• **Instructions for the task**: Where a line in the records below includes "pnext", pull that line out.
Exercise data Start Marker
Lemma good_open_nbhd {X : Top} : locally_path_connected X -> semilocally_simply_connected X ->
  forall z : X, exists W, good_open W /\ W z.
Proof.
  intros Hl Hs z. destruct (Hs z) as [U [oU [Uz HU]]].
  destruct (Hl z U oU Uz) as [W [oW [Wz [WU pW]]]].
  exists W; split; auto. split; auto. split; auto.
  intros d d' [Pd Wd] [Pd' Wd'] E0 E1.
  destruct (pW z (d 0) Wz (Wd 0 I01_0)) as [a [[Pa [a0 a1]] [_ Wa]]].
  (* [a d (a d')^-1] is a loop at [z] inside [U] *)
  set (g := concat a d). set (h := concat a d').
  assert (g1 : g 1 = h 1) by (unfold g, h; rewrite !concat_1; auto).
  assert (g0 : g 0 = z) by (unfold g; rewrite concat_0; auto).
  assert (Ig : path_in W g) by (apply path_in_concat; [split|split|]; auto).
  assert (Ih : path_in W h) by (apply path_in_concat; [split|split|]; auto; congruence).
  apply (hom_concat_cancel_l a); auto; try congruence.
  apply hom_of_concat_rev_trivial; [apply Ig|apply Ih|auto|].
  fold g h. rewrite g0. apply HU.
  - split; [apply concat_path; [apply Ig|apply rev_path_path, Ih|]|].
    + rewrite rev_path_0; auto.
    + rewrite concat_0, concat_1, rev_path_1, g0. unfold h. rewrite concat_0; auto.
  - apply (path_in_mono W); auto. apply path_in_concat; [|apply path_in_rev|]; auto.
    rewrite rev_path_0; auto.
Qed.

(** * The universal covering *)

Section UniversalCover.
Context {X : Top} (x0 : X).
(* shortest-path distance (graph assumed connected; value #|T| if unreachable) *)
Definition dist (x y : T) : nat := odflt #|T| (rdist predT x y).

Definition distR (R : {set T}) (v : T) : nat := \big[minn/#|T|]_(y in R) dist v y.

Definition set_connected (R : {set T}) : Prop :=
  forall x y, x \in R -> y \in R ->
    connect (fun a b => [&& e a b, a \in R & b \in R]) x y.

(* distance profile prof_{R,x}[z](s) = dist(z,s) - dist(z,x) *)
Definition prof (x z s : T) : int := ((dist z s)%:Z - (dist z x)%:Z)%R.

(* paths: a path is the sequence of its vertices v^P = first, x^P = last *)
Definition is_path (P : seq T) : bool :=
  if P is v :: p then path e v p && uniq P else false.

Definition plen (P : seq T) : nat := (size P).-1.

Definition shortest_collection (R : {set T}) (Ps : seq (seq T)) : Prop :=
  (forall P, P \in Ps ->
     exists v p, [/\ P = v :: p, is_path P, last v p \in R & plen P = distR R v])
  /\ (forall x, x \in R -> has (fun P => x \in P) Ps).

Section Collection.
Variables (R : {set T}) (Ps : seq (seq T)).

Definition pnext (P : seq T) (v : T) : T := nth v P (index v P).+1.

(* milestone (profiles are compared as functions on R) *)
Definition milestone (P : seq T) (v : T) : bool :=
  (v \in P) &&
  ((v == last v P) ||
   [exists s in R, prof (last v P) v s != prof (last v P) (pnext P v) s]).

Definition hedge (a b : T) : bool :=
  has (fun P => ((a, b) \in zip P (behead P)) || ((b, a) \in zip P (behead P))) Ps.

Definition hdeg (w : T) : nat := #|[set y | hedge w y]|.

Definition anchor (w : T) : bool :=
  (2 < hdeg w) || has (fun P => milestone P w) Ps.

Definition inU (u : T) : bool := ~~ has (fun P => u \in P) Ps.

Definition inprefix (P : seq T) (w z : T) : bool :=
  [&& z \in P, w \in P, index z P <= index w P &
      all (fun y => ~~ anchor y)
          (take (index w P - index z P) (drop (index z P) P))].

Definition distU (u z : T) : option nat := rdist inU u z.

(* candidate values |Q_{u,z}| + |P[z,w]| *)
Definition dhat_cands (u w : T) : seq nat :=
  flatten [seq flatten [seq (if distU u z is Some d
                              then [:: d + (index w P - index z P)] else [::])
                            | z <- P & inprefix P w z]
          | P <- Ps & w \in P].

(* None stands for infinity *)
Definition dhat (u w : T) : option nat :=
  if dhat_cands u w is c :: cs then Some (\big[minn/c]_(x <- c :: cs) x) else None.

(* \hat{prof}_{R,P}[u](w) = min(prof*(w), |R|+1), with infinity capped to |R|+1 *)
Definition hprof (u w : T) : int :=
  match dhat u w with
  | None => ((#|R|.+1)%:Z)%R
  | Some d => (Num.min (d%:Z + (distR R w)%:Z - (distR R u)%:Z) (#|R|.+1)%:Z)%R
  end.

End Collection.
End Graph.

From Pilot Require Import Defs.
From mathcomp Require Import all_boot all_order all_algebra zify.
Set Implicit Arguments. Unset Strict Implicit. Unset Printing Implicit Defensive.
Import Order.TTheory GRing.Theory Num.Theory.

(* For u in U and s in R, dist(u,s) - dist(u,R) is the minimum over anchors w
   of prof^*[u](w) + dist(w,s) - dist(w,R).  Every such term is an upper bound
   because dhat(u,w) is the length of a u-w walk.  The minimum is attained:
   follow a shortest u-s path up to its first vertex z outside U, which lies on
   some P in the collection, then follow P from z to the first anchor w.  The
   vertices from z up to w (excluded) are not milestones and P is shortest to
   R, so each step along P lowers the distance to s by exactly one.  The cap |R|+1
   in hprof never interferes, since dist(u,s) - dist(u,R) < |R| when R is
   connected.  Hence equal hprof give equal dist(.,s) - dist(.,R) on R, and
   prof_{R,sR}[u](s) is a difference of two such values. *)

Section Walks.
Variables (T : finType) (e : rel T).

Lemma walk_okP (ok : pred T) n x y :
  reflect (exists r, [/\ size r = n, path e x r, last x r = y
                       & all ok (behead (belast x r))])
          (walk_ok e ok n x y).
Proof.
apply: (iffP existsP) => [[r /and3P[xr /eqP ry okr]]|[r [<- xr ry okr]]].
  by exists r; rewrite size_tuple.
by exists (in_tuple r); rewrite /= xr ry eqxx.
Qed.

Lemma rdist_le_walk (ok : pred T) n x y :
  walk_ok e ok n x y -> n < #|T| -> exists2 m, rdist e ok x y = Some m & m <= n.
Proof.
move=> walk_n n_lt; rewrite /rdist.
set m := find _ _; have m_le : m <= n.
  by rewrite leqNgt; apply/negP => /(before_find 0); rewrite nth_iota // add0n walk_n.
by rewrite (leq_ltn_trans m_le n_lt); exists m.
Qed.

Lemma rdist_Some_walk (ok : pred T) m x y :
  rdist e ok x y = Some m -> walk_ok e ok m x y /\ m < #|T|.
Proof.
rewrite /rdist; case: ifP => // m_lt [<-]; split => //.
have : has (fun n => walk_ok e ok n x y) (iota 0 #|T|) by rewrite has_find size_iota.
by move/(nth_find 0); rewrite nth_iota.
Qed.

Lemma dist_le_card x y : dist e x y <= #|T|.
Proof. by rewrite /dist /rdist; case: ifP => // /ltnW. Qed.

Lemma dist_le_path x r : path e x r -> dist e x (last x r) <= size r.
Proof.
move=> xr; have [r_lt|] := ltnP (size r) #|T|; last exact: leq_trans (dist_le_card _ _).
have walk_r : walk_ok e predT (size r) x (last x r).
  by apply/walk_okP; exists r; rewrite all_predT.
by have [m rdist_m m_le] := rdist_le_walk walk_r r_lt; rewrite /dist rdist_m.
Qed.

Lemma dist_le_walk (ok : pred T) n x y : walk_ok e ok n x y -> dist e x y <= n.
Proof. by case/walk_okP => r [<- xr <- _]; exact: dist_le_path. Qed.

Lemma dist_xx x : dist e x x = 0.
Proof. by apply/eqP; rewrite -leqn0; exact: (@dist_le_path x [::]). Qed.

Lemma dist_le_edge x y : e x y -> dist e x y <= 1.
Proof. by move=> xy; apply: (@dist_le_path x [:: y]); rewrite /= xy. Qed.

Hypothesis connected : graph_connected e.

Lemma rdist_predT x y : rdist e predT x y = Some (dist e x y).
Proof.
have [p xp py] := connectP (connected x y).
case/shortenP: xp py => r xr uniq_r _ ry.
have r_lt : size r < #|T|.
  by rewrite cardT (uniq_leq_size uniq_r) // => z; rewrite mem_enum.
have walk_r : walk_ok e predT (size r) x y.
  by apply/walk_okP; exists r; rewrite all_predT.
by have [m rdist_m _] := rdist_le_walk walk_r r_lt; rewrite /dist rdist_m.
Qed.

Lemma dist_lt_card x y : dist e x y < #|T|.
Proof. exact: (rdist_Some_walk (rdist_predT x y)).2. Qed.

Lemma shortest_path x y :
  exists r, [/\ path e x r, last x r = y & size r = dist e x y].
Proof.
by have [/walk_okP[r [? ? ? _]] _] := rdist_Some_walk (rdist_predT x y); exists r.
Qed.

Lemma dist_triangle x y z : dist e x z <= dist e x y + dist e y z.
Proof.
have [r1 [xr1 r1y <-]] := shortest_path x y.
have [r2 [yr2 r2z <-]] := shortest_path y z.
have := @dist_le_path x (r1 ++ r2); rewrite last_cat r1y r2z size_cat; apply.
by rewrite cat_path xr1 r1y.
Qed.

Lemma dist_nth_le x0 x p i j : path e x p -> i <= j <= size p ->
  dist e (nth x0 (x :: p) i) (nth x0 (x :: p) j) <= j - i.
Proof.
move=> /(pathP x0) xp; elim: j => [|j IHj] /andP[i_le j_le].
  by rewrite leqn0 in i_le; rewrite (eqP i_le) dist_xx.
case: (ltngtP i j.+1) i_le => // [i_lt|<-] _; last by rewrite dist_xx.
apply: leq_trans (dist_triangle _ (nth x0 (x :: p) j) _) _.
have := IHj; rewrite -ltnS i_lt ltnW //= => /(_ isT).
have := dist_le_edge (xp j j_le); lia.
Qed.

End Walks.

Section DistToSet.
Variables (T : finType) (e : rel T) (R : {set T}).

Lemma distR_le v y : y \in R -> distR e R v <= dist e v y.
Proof. exact: (@bigmin_le_cond _ nat T #|T| y (mem R)). Qed.

Lemma distR_attained v y : y \in R -> exists2 r, r \in R & distR e R v = dist e v r.
Proof.
move=> yR; rewrite /distR.
have [r rR ->] := @eq_bigmin _ nat T #|T| y (mem R) (dist e v) yR
  (fun r _ => dist_le_card e v r).
by exists r.
Qed.

Lemma dist_lt_card_set r s : set_connected e R -> r \in R -> s \in R ->
  dist e r s < #|R|.
Proof.
move=> connR rR sR; have [p rp ps] := connectP (connR r s rR sR).
case/shortenP: rp ps => p' rp' uniq_p' _ ->.
have p'R : all (mem R) p'.
  by elim: p' (r) rp' {uniq_p'} => //= a q IH b /andP[/and3P[_ _ ->] /IH].
have size_le : size (r :: p') <= #|R|.
  rewrite cardE (uniq_leq_size uniq_p') // => z; rewrite inE mem_enum.
  by case/predU1P => [-> //|]; apply/allP.
apply: leq_ltn_trans size_le; apply: dist_le_path.
by apply: sub_path rp' => a b /and3P[].
Qed.

Lemma dist_lt_distR_add_card u s : graph_connected e -> set_connected e R ->
  s \in R -> dist e u s < distR e R u + #|R|.
Proof.
move=> connected connR sR; have [r rR ->] := distR_attained u sR.
have := dist_triangle connected u r s; have := dist_lt_card_set connR rR sR; lia.
Qed.

End DistToSet.

Section ShortestCollection.
Variables (T : finType) (e : rel T) (R : {set T}) (Ps : seq (seq T)).
Hypotheses (connected : graph_connected e) (coll : shortest_collection e R Ps).

Local Notation anchor := (anchor e R Ps).

Lemma shortest_collection_path P : P \in Ps ->
  exists v q, [/\ P = v :: q, path e v q, uniq (v :: q), last v q \in R
                & size q = distR e R v].
Proof.
case: coll => path_coll _ /path_coll[v [q [-> /andP[vq uniq_vq] lastR size_q]]].
by exists v, q.
Qed.

Section OnePath.
Variables (v : T) (q : seq T).
Hypotheses (P_in : v :: q \in Ps) (vq : path e v q) (uniq_P : uniq (v :: q))
  (lastR : last v q \in R) (size_q : size q = distR e R v).

Local Notation P := (v :: q).

Lemma nth_size_last : nth v P (size q) = last v q.
Proof. by rewrite -[size q]/((size P).-1) nth_last. Qed.

Lemma dist_nth_last l : l <= size q -> dist e (nth v P l) (last v q) = size q - l.
Proof.
move=> l_le; apply/eqP; rewrite eqn_leq -{1}nth_size_last.
rewrite (dist_nth_le connected v vq) ?l_le ?leqnn //=.
have := @dist_nth_le _ _ connected v v q 0 l vq; rewrite l_le subn0 => /(_ isT) /=.
have := distR_le e v lastR; have := dist_triangle connected v (nth v P l) (last v q).
lia.
Qed.

Lemma anchor_last : anchor (last v q).
Proof.
by apply/orP; right; apply/hasP; exists P; rewrite // /milestone mem_last /= eqxx.
Qed.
Exercise data End Marker
• **Answer to this exercise**:
Definition pnext (P : seq T) (v : T) : T := nth v P (index v P).+1.
   [exists s in R, prof (last v P) v s != prof (last v P) (pnext P v) s]).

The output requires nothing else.